/LARA-1

Latent Aspect Rating Analysis on Review Text Data-It aims at analyzing opinions expressed about an entity in an online review at the level of topical aspects to discover each individual reviewer’s latent opinion on each aspect as well as the relative emphasis on different aspects when forming the overall judgment of the entity.

Primary LanguagePythonMIT LicenseMIT

This is a Python implementation of following research paper from Wang et al:

Latent Aspect Rating Analysis on Review Text Data: A Rating Regression Approach by Hongning Wang, Yue Lu, Chengxiang Zhai. The 16th ACM SIGKDD Conference on Knowledge Discovery and Data Mining (KDD'2010), p783-792, 2010.
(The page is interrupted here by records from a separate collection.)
(* Let $X$ be a Banach space and $A:D(A)\to X$ the infinitesimal generator of a $C_0$-semigroup $T(\cdot)$ on $X$; consider $\dot x=Ax$ with (mild) solutions $\phi(t,x)=T(t)x$, regarded as a system without disturbances. The following are equivalent: (i) $T$ is exponentially stable; (ii) $\{0\}$ is UGAS; (iii) $\{0\}$ is uniformly globally attractive; (iv) $\{0\}$ is uniformly globally weakly attractive; (v) there is a non-coercive Lyapunov function for $\dot x=Ax$ (with respect to $\{0\}$).
   Context: $\mathbb R_+=[0,\infty)$. $T$ is exponentially stable if there are $M,\lambda>0$ with $\|T(t)\|\le Me^{-\lambda t}$ for all $t\ge0$. $\mathcal K$: continuous strictly increasing $\gamma:\mathbb R_+\to\mathbb R_+$ with $\gamma(0)=0$; $\mathcal K_\infty$: unbounded elements of $\mathcal K$; $\mathcal{KL}$: continuous $\beta:\mathbb R_+^2\to\mathbb R_+$ with $\beta(\cdot,t)\in\mathcal K$ for each $t$ and $\beta(r,\cdot)$ strictly decreasing to $0$ for each $r>0$. $\{0\}$ is UGAS if there is $\beta\in\mathcal{KL}$ with $\|T(t)x\|\le\beta(\|x\|,t)$ for all $x\in X,t\ge0$. $\{0\}$ is uniformly globally attractive if for all $r,\varepsilon>0$ there is $\tau$ with $\|T(t)x\|\le\varepsilon$ whenever $\|x\|\le r$, $t\ge\tau$. $\{0\}$ is uniformly globally weakly attractive if for all $\varepsilon,r>0$ there is $\tau$ such that for every $x$ with $\|x\|\le r$ there is $t\le\tau$ with $\|T(t)x\|\le\varepsilon$. A non-coercive Lyapunov function is a continuous $V:X\to\mathbb R_+$ with $V(0)=0$, for which there are $\psi_2\in\mathcal K_\infty$, $\alpha\in\mathcal K$ with $0<V(x)\le\psi_2(\|x\|)$ and $\liminf_{t\to0^+}\frac1t(V(T(t)x)-V(x))\le-\alpha(\|x\|)$ for all $x\ne0$. *)

From HB Require Import structures.
From mathcomp Require Import all_boot all_order all_algebra.
From mathcomp Require Import all_classical all_reals all_analysis.
Set Implicit Arguments. Unset Strict Implicit. Unset Printing Implicit Defensive.
Import Order.TTheory GRing.Theory Num.Theory.
Import numFieldNormedType.Exports.
Local Open Scope classical_set_scope.
Local Open Scope ring_scope.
This implementation uses the previous implementation given by the author (http://www.cs.virginia.edu/~hw5x/Codes/LARA.zip).

Latent Aspect Rating Analysis (LARA) aims at analyzing opinions expressed about an entity in an online review at the level of topical aspects to discover each individual reviewer’s latent opinion on each aspect as well as the relative emphasis on different aspects when forming the overall judgment of the entity. It uses probabilistic rating regression to solve this problem.

Contributors

Organization of the code

There are two classes Sentence and Review each coded in different python files. These act as data containers for a sentence and a single review respectively.

ReadData contains all functions for processing the reviews. BootStrap class contains the bootstrapping algorithm as explained in the paper. LRR class contains the implementation of Rating Regression algorithm as described in the paper.

  • hotelReviews directory is where the review files go (json encoded) - both Training and Testing data
  • settings directory contains the configuration files for the model
  • modelData will contain the files generated by the model

How to run

Have nltk and scipy installed.

python3 main.py

It will print the results on stdout.